Chrysoperla rufilabris, the green lacewing, is a diminutive creature, not more than 8 mm long from the tip of its antennae to the ends of its namesake lacy wings, but it is a powerful predator. The lacewing is a generalist; it preys on a wide variety of pest insects, everything from aphids and leafhoppers to mites and psyllids, which makes it a very cost-effective part of our garden pest control strategy. It is actually the larva, not the adult, stage of the insect that is so voracious. Lacewing larva are sometimes known as aphid lions because they can eat between 100 and 600 aphids each before they pupate into adults.

High Line gardeners release green lacewing eggs, approximately 1.7 million of them over the course of the growing season, throughout the mile and a half of the High Line. The eggs come attached to small cards that can be hung near pest populations, ensuring that when the eggs hatch there is a ready source of prey. Once released, the larva go on a feeding frenzy that can last as long as 20 days. Once the larva have consumed enough energy and metamorphosed into adults, they finally mate. The mated females fly to the largest population of prey they can find, where they lay up to 200 eggs each, ensuring that the hatching larva have plenty to eat.

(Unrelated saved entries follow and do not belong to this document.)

Lemma label_set_join (i : 'I_n) j y : (j <= i)%N ->
  i \in label_set (y `|` m j) -> i \in label_set y.
Proof.
move=> ji iyj; have jn : (j <= n)%N := leq_trans ji (ltnW (ltn_ord i)).
have [c [cP c_inc]] := exists_increasing (leUl y (m j)).
have [u [yu uyj Du]] := increasing_split cP c_inc j.
have mu : m j <= u.
  apply: cm_le_of_label_set; rewrite // Du; apply/subsetP => k kj.
  rewrite in_setU in_setI kj andbT; apply/orP; right.
  by apply: (subsetP (label_set_mono (leUr (m j) y))); rewrite label_set_cm.
have u_yj : u = y `|` m j by apply/le_anti; rewrite uyj leUx yu mu.
by move: iyj; rewrite -u_yj Du in_setU in_setI [X in _ && X]inE ltnNge ji andbF orbF.
Qed.

Lemma label_set_label_sets : label_sets cm label_set.
Proof.
split; [exact: label_set_cm | exact: label_set_mono | exact: label_set_inj
       | exact: label_set_meet | exact: label_set_join].
Qed.

End IncreasingMaximalChain.
End SnELLabelSets.

Theorem mainTheorem1 (disp : Order.disp_t) (L : finTBLatticeType disp) (n : nat) :
  @graded_rank disp L n ->
  (@supersolvable disp L <-> exists lam : @labeling disp L, Sn_EL_labeling n lam).
Proof.
move=> graded; split.
  case=> c [c_chain c_distr]; have size_c : size c = n := graded c c_chain.
  have D_c := chain_steps_label_sets c_chain size_c c_distr.
  by exists (D_label (chain_steps n c)); apply: label_sets_Sn_EL D_c graded.
case=> lam [lam_EL lam_Sn].
have [cm [cm_chain cm_inc cm_min]] := lam_EL _ _ (le0x \top%O).
have cm_unique c : maxchain \bot%O \top%O c -> increasing (labels lam \bot%O c) -> c = cm.
  by move=> c_chain c_inc; apply/eqP; apply: contraTT c_inc => /(cm_min c c_chain)[].
have D_cm := label_set_label_sets lam_EL lam_Sn cm_chain cm_inc cm_unique.
exact: label_sets_supersolvable cm_chain (size_cm lam_Sn cm_chain) D_cm.
Qed.
(* In the setting described in the context, fix $\mathbf W^{[t]}\in\mathcal B$ with $\mathbf F^{[t]}:=\mathbf F(\mathbf W^{[t]})$ invertible, let $\bm\Phi^{[t]}=(\mathbf F^{[t]})^{-2}$, and let $\xi_k^{[t]},\eta_k^{[t]},\beta_k^{[t]},\bm\Sigma_1^{[t]},\bm\Sigma_2^{[t]},\mathbf Q^{[t]}$ be the quantities of the context evaluated at $\mathbf W^{[t]}$. Define for $\mathbf W=[\mathbf w_{c1},\dots,\mathbf w_{cK},\mathbf W_s]$ $$r_k^{[t]}(\mathbf W)=\log(1+\xi_k^{[t]})+2\Re\{\mathbf h_k^H\mathbf w_{ck}\eta_k^{[t]}\}-\xi_k^{[t]}-\beta_k^{[t]}\Big(\sum_{j=1}^K|\mathbf h_k^H\mathbf w_{cj}|^2+\|\mathbf h_k^H\mathbf W_s\|_F^2+\sigma_{ck}^2\Big).$$ Then the problem $$\max_{\mathbf W\in\mathcal B}\ \delta_c\sum_{k=1}^K r_k^{[t]}(\mathbf W)+\delta_s\big(\mathrm{tr}(\mathbf F(\mathbf W)\bm\Phi^{[t]})-2\,\mathrm{tr}(\mathbf F^{[t]})\big)$$ can be recast as $$\max_{\mathbf W\in\mathcal B}\ 2\delta_c\Re\{\mathrm{tr}(\mathbf W_c\bm\Sigma_1^{[t]}\mathbf H^H)\}+\delta_s\Re\{\mathrm{tr}(\mathbf W\mathbf W^H\mathbf Q^{[t]})\}-\delta_c\,\mathrm{tr}(\mathbf W\mathbf W^H\mathbf H\bm\Sigma_2^{[t]}\mathbf H^H),$$ i.e., the two objectives differ on $\mathcal B$ by a quantity that does not depend on $\mathbf W$.
   Context: Positive integers $N_t,N_r,K,M,L$, nonnegative integer $N_s$; channels $\mathbf h_k\in\mathbb C^{N_t}$, $\mathbf H=[\mathbf h_1,\dots,\mathbf h_K]$, noise variances $\sigma_{ck}^2>0$; $\sigma_s^2>0$; weights $\delta_c,\delta_s\ge0$; $P_t>0$. $\mathbf W=[\mathbf W_c,\mathbf W_s]\in\mathbb C^{N_t\times(K+N_s)}$, $\mathbf W_c=[\mathbf w_{c1},\dots,\mathbf w_{cK}]$, $\mathbf R_x=\mathbf W\mathbf W^H$; $\mathcal B=\{\mathbf W:\mathrm{tr}(\mathbf W\mathbf W^H)=P_t\}$. Sensing model: differentiable $\mathbf a:\mathbb R^2\to\mathbb C^{N_t}$, $\mathbf b:\mathbb R^2\to\mathbb C^{N_r}$; parameters $\theta_m,\phi_m\in\mathbb R,\alpha_m\in\mathbb C$; $\mathbf A=[\mathbf a(\theta_m,\phi_m)]_m$, $\mathbf B=[\mathbf b(\theta_m,\phi_m)]_m$, $\mathbf U=\mathrm{diag}(\alpha_m)$; $\dot{\mathbf A}_\theta,\dot{\mathbf A}_\phi,\dot{\mathbf B}_\theta,\dot{\mathbf B}_\phi$ have $m$-th columns the partial derivatives of $\mathbf a$ resp. $\mathbf b$ with respect to first resp. second argument at $(\theta_m,\phi_m)$. $\mathbf F(\mathbf W)=\frac{2L}{\sigma_s^2}\begin{bmatrix}\Re\mathbf F_{11}&\Re\mathbf F_{12}&\Re\mathbf F_{13}&-\Im\mathbf F_{13}\\ \Re\mathbf F_{12}^{\mathsf T}&\Re\mathbf F_{22}&\Re\mathbf F_{23}&-\Im\mathbf F_{23}\\ \Re\mathbf F_{13}^{\mathsf T}&\Re\mathbf F_{23}^{\mathsf T}&\Re\mathbf F_{33}&-\Im\mathbf F_{33}\\ -\Im\mathbf F_{13}^{\mathsf T}&-\Im\mathbf F_{23}^{\mathsf T}&-\Im\mathbf F_{33}^{\mathsf T}&\Re\mathbf F_{33}\end{bmatrix}$, with $\mathbf F_{11}=(\mathbf U\mathbf A^H\mathbf R_x\mathbf A\mathbf U^H)^{\mathsf T}\odot(\dot{\mathbf B}_\theta^H\dot{\mathbf B}_\theta)+(\mathbf U\mathbf A^H\mathbf R_x\dot{\mathbf A}_\theta\mathbf U^H)^{\mathsf T}\odot(\mathbf B^H\dot{\mathbf B}_\theta)+(\mathbf U\dot{\mathbf A}_\theta^H\mathbf R_x\mathbf A\mathbf U^H)^{\mathsf T}\odot(\dot{\mathbf B}_\theta^H\mathbf B)+(\mathbf U\dot{\mathbf A}_\theta^H\mathbf R_x\dot{\mathbf A}_\theta\mathbf U^H)^{\mathsf T}\odot(\mathbf B^H\mathbf B)$; $\mathbf F_{12}=(\mathbf U\mathbf A^H\mathbf R_x\mathbf A\mathbf U^H)^{\mathsf T}\odot(\dot{\mathbf B}_\theta^H\dot{\mathbf B}_\phi)+(\mathbf U\mathbf A^H\mathbf R_x\dot{\mathbf A}_\theta\mathbf U^H)^{\mathsf T}\odot(\mathbf B^H\dot{\mathbf B}_\phi)+(\mathbf U\dot{\mathbf A}_\phi^H\mathbf R_x\mathbf A\mathbf U^H)^{\mathsf T}\odot(\dot{\mathbf B}_\theta^H\mathbf B)+(\mathbf U\dot{\mathbf A}_\phi^H\mathbf R_x\dot{\mathbf A}_\theta\mathbf U^H)^{\mathsf T}\odot(\mathbf B^H\mathbf B)$; $\mathbf F_{22}$ = $\mathbf F_{11}$ with $\theta$ replaced by $\phi$; $\mathbf F_{13}=(\mathbf A^H\mathbf R_x\mathbf A\mathbf U^H)^{\mathsf T}\odot(\dot{\mathbf B}_\theta^H\mathbf B)+(\mathbf A^H\mathbf R_x\dot{\mathbf A}_\theta\mathbf U^H)^{\mathsf T}\odot(\mathbf B^H\mathbf B)$; $\mathbf F_{23}$ = $\mathbf F_{13}$ with $\theta$ replaced by $\phi$; $\mathbf F_{33}=(\mathbf A^H\mathbf R_x\mathbf A)^{\mathsf T}\odot(\mathbf B^H\mathbf B)$. Communications quantities at $\mathbf W$: $I_k=\sum_{j\ne k}|\mathbf h_k^H\mathbf w_{cj}|^2+\|\mathbf h_k^H\mathbf W_s\|_F^2+\sigma_{ck}^2$, $T_k=I_k+|\mathbf h_k^H\mathbf w_{ck}|^2$, $\xi_k=|\mathbf h_k^H\mathbf w_{ck}|^2/I_k$, $\eta_k=\overline{\mathbf h_k^H\mathbf w_{ck}}/I_k$ (which equals $\xi_k/(\mathbf h_k^H\mathbf w_{ck})$ when the latter is defined), $\beta_k=\xi_k/T_k$, $\bm\Sigma_1=\mathrm{diag}(\eta_1,\dots,\eta_K)$, $\bm\Sigma_2=\mathrm{diag}(\beta_1,\dots,\beta_K)$. Sensing quantity at $\mathbf W$ (with $\mathbf F(\mathbf W)$ invertible): $\bm\Phi=\mathbf F(\mathbf W)^{-2}$ (real symmetric), partitioned into $M\times M$ blocks $\bm\Phi_{pq}$, $p,q\in\{1,2,3,4\}$; with $\mathrm j$ the imaginary unit, $\mathbf Q_{11}=\mathbf A\mathbf U^H(\bm\Phi_{11}\odot\dot{\mathbf B}_\theta^H\dot{\mathbf B}_\theta)\mathbf U\mathbf A^H+\dot{\mathbf A}_\theta\mathbf U^H(\bm\Phi_{11}\odot\mathbf B^H\dot{\mathbf B}_\theta)\mathbf U\mathbf A^H+\mathbf A\mathbf U^H(\bm\Phi_{11}\odot\dot{\mathbf B}_\theta^H\mathbf B)\mathbf U\dot{\mathbf A}_\theta^H+\dot{\mathbf A}_\theta\mathbf U^H(\bm\Phi_{11}\odot\mathbf B^H\mathbf B)\mathbf U\dot{\mathbf A}_\theta^H$; $\mathbf Q_{12}=2[\mathbf A\mathbf U^H(\bm\Phi_{12}\odot\dot{\mathbf B}_\theta^H\dot{\mathbf B}_\phi)\mathbf U\mathbf A^H+\dot{\mathbf A}_\theta\mathbf U^H(\bm\Phi_{12}\odot\mathbf B^H\dot{\mathbf B}_\phi)\mathbf U\mathbf A^H+\mathbf A\mathbf U^H(\bm\Phi_{12}\odot\dot{\mathbf B}_\theta^H\mathbf B)\mathbf U\dot{\mathbf A}_\phi^H+\dot{\mathbf A}_\theta\mathbf U^H(\bm\Phi_{12}\odot\mathbf B^H\mathbf B)\mathbf U\dot{\mathbf A}_\phi^H]$; $\mathbf Q_{22}$ = $\mathbf Q_{11}$ with $\bm\Phi_{11}$ replaced by $\bm\Phi_{22}$ and $\theta$ by $\phi$; $\mathbf Q_{13}=\mathbf A\mathbf U^H((2\bm\Phi_{13}+2\mathrm j\bm\Phi_{14})\odot\dot{\mathbf B}_\theta^H\mathbf B)\mathbf A^H+\dot{\mathbf A}_\theta\mathbf U^H((2\bm\Phi_{13}+2\mathrm j\bm\Phi_{14})\odot\mathbf B^H\mathbf B)\mathbf A^H$; $\mathbf Q_{23}=\mathbf A\mathbf U^H((2\bm\Phi_{23}+2\mathrm j\bm\Phi_{24})\odot\dot{\mathbf B}_\phi^H\mathbf B)\mathbf A^H+\dot{\mathbf A}_\phi\mathbf U^H((2\bm\Phi_{23}+2\mathrm j\bm\Phi_{24})\odot\mathbf B^H\mathbf B)\mathbf A^H$; $\mathbf Q_{33}=\mathbf A((\bm\Phi_{33}+\bm\Phi_{44}+2\mathrm j\bm\Phi_{34})\odot\mathbf B^H\mathbf B)\mathbf A^H$; $\mathbf Q=\frac{2L}{\sigma_s^2}(\mathbf Q_{11}+\mathbf Q_{12}+\mathbf Q_{13}+\mathbf Q_{22}+\mathbf Q_{23}+\mathbf Q_{33})$. *)

From HB Require Import structures.
From mathcomp Require Import all_boot all_order all_algebra.
From mathcomp Require Import all_classical all_reals all_analysis.
From mathcomp Require Import complex.

Set Implicit Arguments.
Unset Strict Implicit.
Unset Printing Implicit Defensive.

Import Order.TTheory GRing.Theory Num.Theory.
Local Open Scope ring_scope.
Local Open Scope complex_scope.

Section Defs.
Variable R : realType.
Local Notation C := R[i].

Definition cr (x : R) : C := x%:C.
Definition iu : C := 'i.
Definition nsq (z : C) : R := complex.Re z ^+ 2 + complex.Im z ^+ 2.

Definition hc m n (X : 'M[C]_(m, n)) : 'M[C]_(n, m) := (map_mx conjc X)^T.
Definition had m n (X Y : 'M[C]_(m, n)) : 'M[C]_(m, n) :=
  \matrix_(i, j) (X i j * Y i j).
Definition ReM m n (X : 'M[C]_(m, n)) : 'M[R]_(m, n) := map_mx (@complex.Re R) X.
Definition ImM m n (X : 'M[C]_(m, n)) : 'M[R]_(m, n) := map_mx (@complex.Im R) X.
Definition crM m n (X : 'M[R]_(m, n)) : 'M[C]_(m, n) := map_mx cr X.

Definition cvec_differentiable n (f : R * R -> 'cV[C]_n) : Prop :=
  forall (i : 'I_n) p,
    differentiable (fun q : R * R => complex.Re (f q i 0)) p /\
    differentiable (fun q : R * R => complex.Im (f q i 0)) p.

Definition pd1 n (f : R * R -> 'cV[C]_n) (p : R * R) : 'cV[C]_n :=
  \col_i (cr (derive1 (fun x : R => complex.Re (f (x, p.2) i 0)) p.1)
          + iu * cr (derive1 (fun x : R => complex.Im (f (x, p.2) i 0)) p.1)).
Definition pd2 n (f : R * R -> 'cV[C]_n) (p : R * R) : 'cV[C]_n :=
  \col_i (cr (derive1 (fun y : R => complex.Re (f (p.1, y) i 0)) p.2)
          + iu * cr (derive1 (fun y : R => complex.Im (f (p.1, y) i 0)) p.2)).

Variables (M : nat).
Definition stmx n (f : R * R -> 'cV[C]_n) (th ph : 'I_M -> R) : 'M[C]_(n, M) :=
  \matrix_(i, m) f (th m, ph m) i 0.
Definition dstmx1 n (f : R * R -> 'cV[C]_n) (th ph : 'I_M -> R) : 'M[C]_(n, M) :=
  \matrix_(i, m) pd1 f (th m, ph m) i 0.
Definition dstmx2 n (f : R * R -> 'cV[C]_n) (th ph : 'I_M -> R) : 'M[C]_(n, M) :=
  \matrix_(i, m) pd2 f (th m, ph m) i 0.
Definition Umx (alpha : 'I_M -> C) : 'M[C]_M := diag_mx (\row_m alpha m).

Variables (Nt Nr : nat).
Variables (a : R * R -> 'cV[C]_Nt) (b : R * R -> 'cV[C]_Nr).
Variables (th ph : 'I_M -> R) (alpha : 'I_M -> C) (L : nat) (sigs2 : R).

Local Notation A := (stmx a th ph).
Local Notation Adt := (dstmx1 a th ph).
Local Notation Adp := (dstmx2 a th ph).
Local Notation B := (stmx b th ph).
Local Notation Bdt := (dstmx1 b th ph).
Local Notation Bdp := (dstmx2 b th ph).
Local Notation U := (Umx alpha).

Definition Fpat (Rx : 'M[C]_Nt) (Ad1 Ad2 : 'M[C]_(Nt, M)) (Bd1 Bd2 : 'M[C]_(Nr, M)) :=
    had (U *m hc A *m Rx *m A *m hc U)^T (hc Bd1 *m Bd2)
  + had (U *m hc A *m Rx *m Ad1 *m hc U)^T (hc B *m Bd2)
  + had (U *m hc Ad2 *m Rx *m A *m hc U)^T (hc Bd1 *m B)
  + had (U *m hc Ad2 *m Rx *m Ad1 *m hc U)^T (hc B *m B).

Definition F11 Rx := Fpat Rx Adt Adt Bdt Bdt.
Definition F12 Rx := Fpat Rx Adt Adp Bdt Bdp.
Definition F22 Rx := Fpat Rx Adp Adp Bdp Bdp.
Definition F13 (Rx : 'M[C]_Nt) :=
    had (hc A *m Rx *m A *m hc U)^T (hc Bdt *m B)
  + had (hc A *m Rx *m Adt *m hc U)^T (hc B *m B).
Definition F23 (Rx : 'M[C]_Nt) :=
    had (hc A *m Rx *m A *m hc U)^T (hc Bdp *m B)
  + had (hc A *m Rx *m Adp *m hc U)^T (hc B *m B).
Definition F33 (Rx : 'M[C]_Nt) := had (hc A *m Rx *m A)^T (hc B *m B).

Definition FIMRx (Rx : 'M[C]_Nt) : 'M[R]_((M + M) + (M + M)) :=
  (2 * L%:R / sigs2) *:
  block_mx
    (block_mx (ReM (F11 Rx)) (ReM (F12 Rx))
              (ReM (F12 Rx))^T (ReM (F22 Rx)))
    (block_mx (ReM (F13 Rx)) (- ImM (F13 Rx))
              (ReM (F23 Rx)) (- ImM (F23 Rx)))
    (block_mx (ReM (F13 Rx))^T (ReM (F23 Rx))^T
              (- (ImM (F13 Rx))^T) (- (ImM (F23 Rx))^T))
    (block_mx (ReM (F33 Rx)) (- ImM (F33 Rx))
              (- (ImM (F33 Rx))^T) (ReM (F33 Rx))).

You can encourage lacewing and other beneficial insect populations in your own garden. Plant diverse species that will provide food and habitat for all kinds of insects, and avoid using chemicals to repel or kill pest insects. It may seem counter-intuitive, but by allowing some aphids to live on your plants, lacewings and other beneficial insects will be attracted to the prey in your garden, and are more likely to show up and stick around. Eventually, the predator-prey ratio will balance out, and your beneficial insects will be able to keep pest insect populations manageable.